Source material:
(* Run MUDAN on a reported profile $\theta'$ and suppose the final winner set $W$ is nonempty; let $w^*$ be the last buyer added to $W$. Then for every buyer $i\neq w^*$: $i$ belongs to the explored set $A$ at the moment $w^*$ is selected if and only if there is a directed path from $s$ to $i$ in $G_{\theta'}$ that does not pass through $w^*$ (i.e. $w^*$ is not critical for $i$).
   Context: Single-demand model. A seller $s$ has $m\ge 1$ identical items. Buyers $B=\{1,\dots,n\}$; buyer $i$ has a true valuation $v_i\in\mathbb{R}_{\ge0}$ and true neighbour set $r_i\subseteq B$; the seller has a fixed neighbour set $r_s\subseteq B$. Buyer $i$ reports $(v'_i,r'_i)$ with $v'_i\ge 0$, $r'_i\subseteq r_i$. The profile graph $G_{\theta'}$ of the global report $\theta'$ is the directed graph on $\{s\}\cup B$ with an edge $(x,y)$ iff $y\in r'_x$ (for $x=s$ use $r_s$). A buyer $w$ is critical for a buyer $i$ if every directed path from $s$ to $i$ in $G_{\theta'}$ passes through $w$. Priority rule: each buyer $i$ is given a priority $\sigma_i$ that is a function of its reported neighbour set $r'_i$ only (e.g. $\sigma_i=|r'_i|$), independent of all reported valuations and non-decreasing with respect to inclusion of $r'_i$; ties are broken by a fixed total order on buyers. MUDAN, run on a reported profile $\theta'$. It maintains an explored set $A\subseteq B$, a winner set $W\subseteq A$, remaining supply $m'=m-|W|$, and tentative payments. For current $A,W$ the potential-winner set $P(A,W)$ is: $P=A$ if $|A\setminus W|\le m'$; otherwise $P=W\cup\{$the $m'$ buyers of $A\setminus W$ with highest reported valuations$\}$ (ties broken by a fixed total order). Buyers in $A\setminus P$ are called exhausted. Initialise $A=r_s$, $W=\varnothing$, and repeat: (1) Closure: while some buyer $x\in W\cup(A\setminus P(A,W))$ (with $P$ recomputed from the current $A,W$) has $r'_x\not\subseteq A$, set $A\leftarrow A\cup r'_x$. (2) Let $P=P(A,W)$; if $P\setminus W=\varnothing$, stop. (3) Let $w$ be the buyer of $P\setminus W$ with highest priority; set its tentative payment $\hat p_w$ to the $(m'+1)$-th highest reported valuation in $A\setminus W$ (current $m'$, before adding $w$), or $0$ if $|A\setminus W|\le m'$; add $w$ to $W$. Output: every $w\in W$ gets an item and pays $\hat p_w$; other buyers get nothing and pay $0$. *)

From mathcomp Require Import all_boot all_order all_algebra.
Set Implicit Arguments. Unset Strict Implicit. Unset Printing Implicit Defensive.
Import Order.TTheory GRing.Theory Num.Theory.

(* Buyers are 'I_n; the fixed total order used for tie-breaking is the index
   order on 'I_n.  A reported profile is (v, r) with v : 'I_n -> R the reported
   valuations and r : 'I_n -> {set 'I_n} the reported neighbour sets; rs is the
   seller's neighbour set. *)

Section Mudan.
Variables (R : realDomainType) (n : nat).
Implicit Types (A W S : {set 'I_n}).

Definition better (v : 'I_n -> R) (i j : 'I_n) : bool :=
  ((v j < v i)%R || ((v i == v j) && (i < j)%N)).

Definition topk (v : 'I_n -> R) (k : nat) S : {set 'I_n} :=
  [set x in S | (#|[set y in S | better v y x]| < k)%N].

Definition potential (m : nat) (v : 'I_n -> R) A W : {set 'I_n} :=
  if (#|A :\: W| <= m - #|W|)%N then A
  else W :|: topk v (m - #|W|) (A :\: W).

Definition closure_step (m : nat) (v : 'I_n -> R) (r : 'I_n -> {set 'I_n})
    W A : {set 'I_n} :=
  match [pick x | (x \in W :|: (A :\: potential m v A W)) && ~~ (r x \subset A)] with
  | Some x => A :|: r x
  | None => A
  end.

(* closure: iterate until fixpoint (each effective step strictly enlarges A,
   so n.+1 iterations reach the fixpoint) *)
Definition closure (m : nat) (v : 'I_n -> R) (r : 'I_n -> {set 'I_n}) A W :=
  iter n.+1 (closure_step m v r W) A.

Definition select (m : nat) (v : 'I_n -> R) (r : 'I_n -> {set 'I_n})
    (prio : {set 'I_n} -> R) A W : option 'I_n :=
  [pick w in potential m v A W :\: W |
     [forall y in potential m v A W :\: W,
        (prio (r y) < prio (r w))%R || ((prio (r y) == prio (r w)) && (w <= y)%N)]].

(* the run of MUDAN from state (A, W): the list of pairs
   (explored set A at the moment of selection, selected winner) *)
Fixpoint mudan_run (m : nat) (v : 'I_n -> R) (r : 'I_n -> {set 'I_n})
    (prio : {set 'I_n} -> R) (k : nat) A W : seq ({set 'I_n} * 'I_n) :=
  match k with
  | 0 => [::]
  | k'.+1 =>
      let A1 := closure m v r A W in
      match select m v r prio A1 W with
      | None => [::]
      | Some w => (A1, w) :: mudan_run m v r prio k' A1 (w |: W)
      end
  end.

(* full run of MUDAN from A = rs, W = empty (each round adds a new winner, so
   n.+1 rounds suffice for termination) *)
Definition mudan_trace (m : nat) (v : 'I_n -> R) (r : 'I_n -> {set 'I_n})
    (prio : {set 'I_n} -> R) (rs : {set 'I_n}) : seq ({set 'I_n} * 'I_n) :=
  mudan_run m v r prio n.+1 rs set0.

End Mudan.

(* There is a directed path from s to i in the profile graph that avoids
   buyer w: s -> j (j in rs), then edges x -> y with y \in r x, all buyers
   on the path different from w. *)
Definition reach_avoiding (n : nat) (rs : {set 'I_n}) (r : 'I_n -> {set 'I_n})
    (w i : 'I_n) : bool :=
  [exists j in rs, (j != w) &&
     connect (fun x y : 'I_n => [&& x != w, y != w & y \in r x]) j i].

From mathcomp Require Import all_boot all_order all_algebra.
From mathcomp Require Import zify.
Set Implicit Arguments. Unset Strict Implicit. Unset Printing Implicit Defensive.
Import Order.TTheory GRing.Theory Num.Theory.

(* The proof rests on two observations about the run.
   - Only "expanders" (winners and exhausted buyers) ever open their
     neighbour sets during a closure, and a buyer, once exhausted, stays
     exhausted for the rest of the run.  Since w* is selected as a potential
     winner at the end, it was never an expander before, so every buyer
     explored along the way is reachable by a path avoiding w*.
   - After w* is added nothing is selected any more, so at that point all
     supply is used up: every explored buyer other than w* is a winner or is
     exhausted, hence an expander.  The explored set is closed, so it
     contains the neighbours of all its buyers except w*, and therefore
     every path from the seller avoiding w* stays inside it. *)

Lemma exists_minimal (T : finType) (lt : rel T) (S : {set T}) :
  irreflexive lt -> transitive lt -> S != set0 ->
  exists2 x, x \in S & forall y, y \in S -> ~~ lt y x.
Proof.
move=> irr tr /set0Pn [x0 Sx0].
have [x Sx xmin] := arg_minnP (fun x => #|[set y in S | lt y x]|) Sx0.
exists x => // y Sy; apply/negP => lt_yx.
have := xmin y Sy; rewrite leqNgt => /negP; apply.
apply: proper_card; apply/properP; split.
  by apply/subsetP => z; rewrite !inE => /andP[-> lt_zy]; exact: tr lt_zy lt_yx.
by exists y; rewrite !inE ?Sy ?lt_yx ?irr.
Qed.

Section ExtensiveIteration.
Variables (T : finType) (f : {set T} -> {set T}).
Hypothesis f_ext : forall B : {set T}, B \subset f B.

Lemma iter_extensive_mono A j k : j <= k -> iter j f A \subset iter k f A.
Proof.
move/subnK <-; elim: (k - j) => [|d IH] //=.
exact: subset_trans IH (f_ext _).
Qed.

Exercise objective: From the material above, retype precisely the lines between the line holding "so n.+1 iterations reach the fixpoint) *)" and the line holding "match select m v r prio A1 W with", inclusive, and nothing beyond them.

Problem solution:
   so n.+1 iterations reach the fixpoint) *)
Definition closure (m : nat) (v : 'I_n -> R) (r : 'I_n -> {set 'I_n}) A W :=
  iter n.+1 (closure_step m v r W) A.

Definition select (m : nat) (v : 'I_n -> R) (r : 'I_n -> {set 'I_n})
    (prio : {set 'I_n} -> R) A W : option 'I_n :=
  [pick w in potential m v A W :\: W |
     [forall y in potential m v A W :\: W,
        (prio (r y) < prio (r w))%R || ((prio (r y) == prio (r w)) && (w <= y)%N)]].

(* the run of MUDAN from state (A, W): the list of pairs
   (explored set A at the moment of selection, selected winner) *)
Fixpoint mudan_run (m : nat) (v : 'I_n -> R) (r : 'I_n -> {set 'I_n})
    (prio : {set 'I_n} -> R) (k : nat) A W : seq ({set 'I_n} * 'I_n) :=
  match k with
  | 0 => [::]
  | k'.+1 =>
      let A1 := closure m v r A W in
      match select m v r prio A1 W with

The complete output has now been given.